START Records provided

(* Let $(\beta,\gamma)$ be antiferromagnetic and $\lambda>0$. Suppose $\mathcal{T}_1,\dots,\mathcal{T}_k$ are rooted trees with roots $\rho_1,\dots,\rho_k$, effective fields $R_1,\dots,R_k$ and magnetization gaps $M_1,\dots,M_k$. Let $\mathcal{T}$ be the tree with root $\rho$, consisting of an edge $\{\rho,u\}$ together with $\mathcal{T}_1,\dots,\mathcal{T}_k$, where the roots $\rho_1,\dots,\rho_k$ are all identified with $u$. Let $R,M$ be the effective field and magnetization gap of $\mathcal{T}$. Then $$R=\frac{1+\gamma\lambda\prod_{i=1}^kR_i}{\beta+\lambda\prod_{i=1}^kR_i},\qquad M=1-\omega(R)\Big(1+\sum_{i=1}^k(M_i-1)\Big),\qquad\text{where }\ \omega(R):=\frac{1+\beta\gamma-\beta R-\gamma/R}{1-\beta\gamma}.$$ Moreover $R\in(\gamma,1/\beta)$ and $0<\omega(R)<1$.
   Context: A pair $(\beta,\gamma)$ with $\beta,\gamma\geq0$ is antiferromagnetic if $\beta\gamma\in[0,1)$ and at least one is nonzero. For a graph $G=(V,E)$ and $\lambda>0$, $\mu_{G;\beta,\gamma,\lambda}(\sigma)=\lambda^{|\sigma|}\beta^{m_0(\sigma)}\gamma^{m_1(\sigma)}/Z$ for $\sigma:V\to\{0,1\}$, $|\sigma|=\sum_v\sigma(v)$, $m_0,m_1$ the numbers of edges with both endpoints spin $0$, resp. spin $1$, convention $0^0=1$. For a rooted tree $\mathcal{T}$ with root $\rho$ and $\mu=\mu_{\mathcal{T};\beta,\gamma,\lambda}$, the effective field is $R_{\mathcal{T}}=\frac{1}{\lambda}\frac{\mu(\sigma(\rho)=1)}{\mu(\sigma(\rho)=0)}$ and the magnetization gap is $M_{\mathcal{T}}=\mathbf{E}_\mu[|\sigma|\mid\sigma(\rho)=1]-\mathbf{E}_\mu[|\sigma|\mid\sigma(\rho)=0]$ (counting all vertices including the root). When $\beta=0$, $1/\beta$ is interpreted as $+\infty$. *)

From HB Require Import structures.
From mathcomp Require Import all_boot all_order all_algebra.
Set Implicit Arguments. Unset Strict Implicit. Unset Printing Implicit Defensive.
Import Order.TTheory GRing.Theory Num.Theory.
Local Open Scope ring_scope.

Inductive rtree : Type := Node of seq rtree.

Definition children (t : rtree) : seq rtree := let: Node cs := t in cs.

Fixpoint tsize (t : rtree) : nat :=
  let: Node cs := t in (sumn (map tsize cs)).+1.

(* Vertices are numbered 0 .. tsize t - 1 in preorder; the root is 0.
   Edge list (parent, child) of the tree. *)
Fixpoint tedges (t : rtree) : seq (nat * nat) :=
  let: Node cs := t in
  let fix go (cs : seq rtree) (off : nat) : seq (nat * nat) :=
    match cs with
    | [::] => [::]
    | c :: cs' =>
        (0%N, off) :: map (fun e => (e.1 + off, e.2 + off)%N) (tedges c)
                   ++ go cs' (off + tsize c)%N
    end in
  go cs 1%N.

END Records provided

-- Task details --
Only a word-for-word repetition of the lines from the one containing "From mathcomp Require" to the final line of the data above counts as the answer.

-- Result --
From mathcomp Require Import all_boot all_order all_algebra.
Set Implicit Arguments. Unset Strict Implicit. Unset Printing Implicit Defensive.
Import Order.TTheory GRing.Theory Num.Theory.
Local Open Scope ring_scope.

Inductive rtree : Type := Node of seq rtree.

Definition children (t : rtree) : seq rtree := let: Node cs := t in cs.

Fixpoint tsize (t : rtree) : nat :=
  let: Node cs := t in (sumn (map tsize cs)).+1.

(* Vertices are numbered 0 .. tsize t - 1 in preorder; the root is 0.
   Edge list (parent, child) of the tree. *)
Fixpoint tedges (t : rtree) : seq (nat * nat) :=
  let: Node cs := t in
  let fix go (cs : seq rtree) (off : nat) : seq (nat * nat) :=
    match cs with
    | [::] => [::]
    | c :: cs' =>
        (0%N, off) :: map (fun e => (e.1 + off, e.2 + off)%N) (tedges c)
                   ++ go cs' (off + tsize c)%N
    end in
  go cs 1%N.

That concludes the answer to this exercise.